Research talk:Understanding Wikidata's Value/Work log/2017-09-02
Add topicSaturday, September 2, 2017
[edit]The following are our hypotheses related to how Wikidata predicted entity quality and page views (in client pages) relates with edit types (types being bot, semi-automated, logged-in user, and anon). We use ORES for predicted quality which has a scale of E to A where A is the best quality. We use the Perfect Alignment Hypothesis to derive 5 classes of page view counts.
Hypothesis 1: When the entity quality class is fairly low (D or C) and the entity's views are in a lower class than the quality, bots and semi-automated edits are higher in proportion compared to aligned entities of the same quality. Logged-in user and anon edits are thus lower in proportion.
Rationale for Hypothesis 1: Bots create misalignment by making poor quality, low-viewed entities into somewhat better quality.

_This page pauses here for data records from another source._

Lemma leq_card_sumset (A B : {set G}) b : b \in B -> (#|A| <= #|sumset A B|)%N.
Proof.
move=> bB; rewrite -(card_imset _ (addIr b)).
apply/subset_leq_card/subsetP => _ /imsetP[a aA ->].
by apply/imset2P; exists a b.
Qed.

Fixpoint sumsets (A : nat -> {set G}) (k : nat) : {set G} :=
  if k is k.+1 then sumset (sumsets A k) (A k) else [set 0].

Lemma sumsets_neq0 (A : nat -> {set G}) k :
  (forall i, (i < k)%N -> A i != set0) -> sumsets A k != set0.
Proof.
elim: k => [|k IH] A0 /=; first by apply/set0Pn; exists 0; rewrite inE.
have /set0Pn[s sS] := IH (fun i ik => A0 i (ltnW ik)).
have /set0Pn[a aA] := A0 k (ltnSn k).
by apply/set0Pn; exists (s + a); apply/imset2P; exists s a.
Qed.

Lemma mem_sumsets (A : nat -> {set G}) k t : t \in sumsets A k ->
  exists2 u : nat -> G, (forall i, (i < k)%N -> u i \in A i) & t = \sum_(i < k) u i.
Proof.
elim: k t => [|k IH] t /=.
  by rewrite inE => /eqP->; exists (fun=> 0) => //; rewrite big_ord0.
case/imset2P => s a /IH[u uA ->] aA ->.
exists (fun i => if i == k then a else u i).
  by move=> i; rewrite ltnS leq_eqVlt => /orP[/eqP-> | ik]; rewrite ?eqxx // ltn_eqF ?uA.
rewrite big_ord_recr /= eqxx; congr (_ + _).
by apply: eq_bigr => i _; rewrite ltn_eqF.
Qed.

End Sumsets.

(* Davenport's e-transform: it keeps |A| + |B|, shrinks B and does not
   enlarge the sumset, which drives the induction in Cauchy-Davenport. *)
Section ETransform.
Variables (G : finZmodType) (A B : {set G}) (e b0 : G).
Local Open Scope ring_scope.

Definition etransA : {set G} := A :|: [set e + b - b0 | b in B].
Definition etransB : {set G} := [set b in B | e + b - b0 \in A].

Lemma card_etrans : (#|etransA| + #|etransB| = #|A| + #|B|)%N.
Proof.
have shift_inj : injective (fun b => e + b - b0) by move=> x y /addIr /addrI.
suff -> : #|etransB| = #|A :&: [set e + b - b0 | b in B]|.
  by rewrite cardsUI card_imset.
rewrite -(card_imset etransB shift_inj); apply: eq_card => x; rewrite inE.
apply/imsetP/andP => [[b] | [xA /imsetP[b bB xe]]].
  by rewrite inE => /andP[bB ebA] ->; split; last by apply/imsetP; exists b.
by exists b; rewrite // inE bB -xe xA.
Qed.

Hypothesis 2: High quality class (B or A) aligned data has a higher percentage of human (logged-in user and anon) edits compared to lower quality class aligned data. Bot and semi-automated edits are thus lower in proportion.
Hypothesis 3: High quality class (B or A) misaligned data has a higher percentage of human (logged-in user and anon) edits compared to lower quality class misaligned data. Bot and semi-automated edits are thus lower in proportion.
Rationale for Hypotheses 2 and 3: It takes human (logged-in user and anon) edits to get an entity to become really high quality.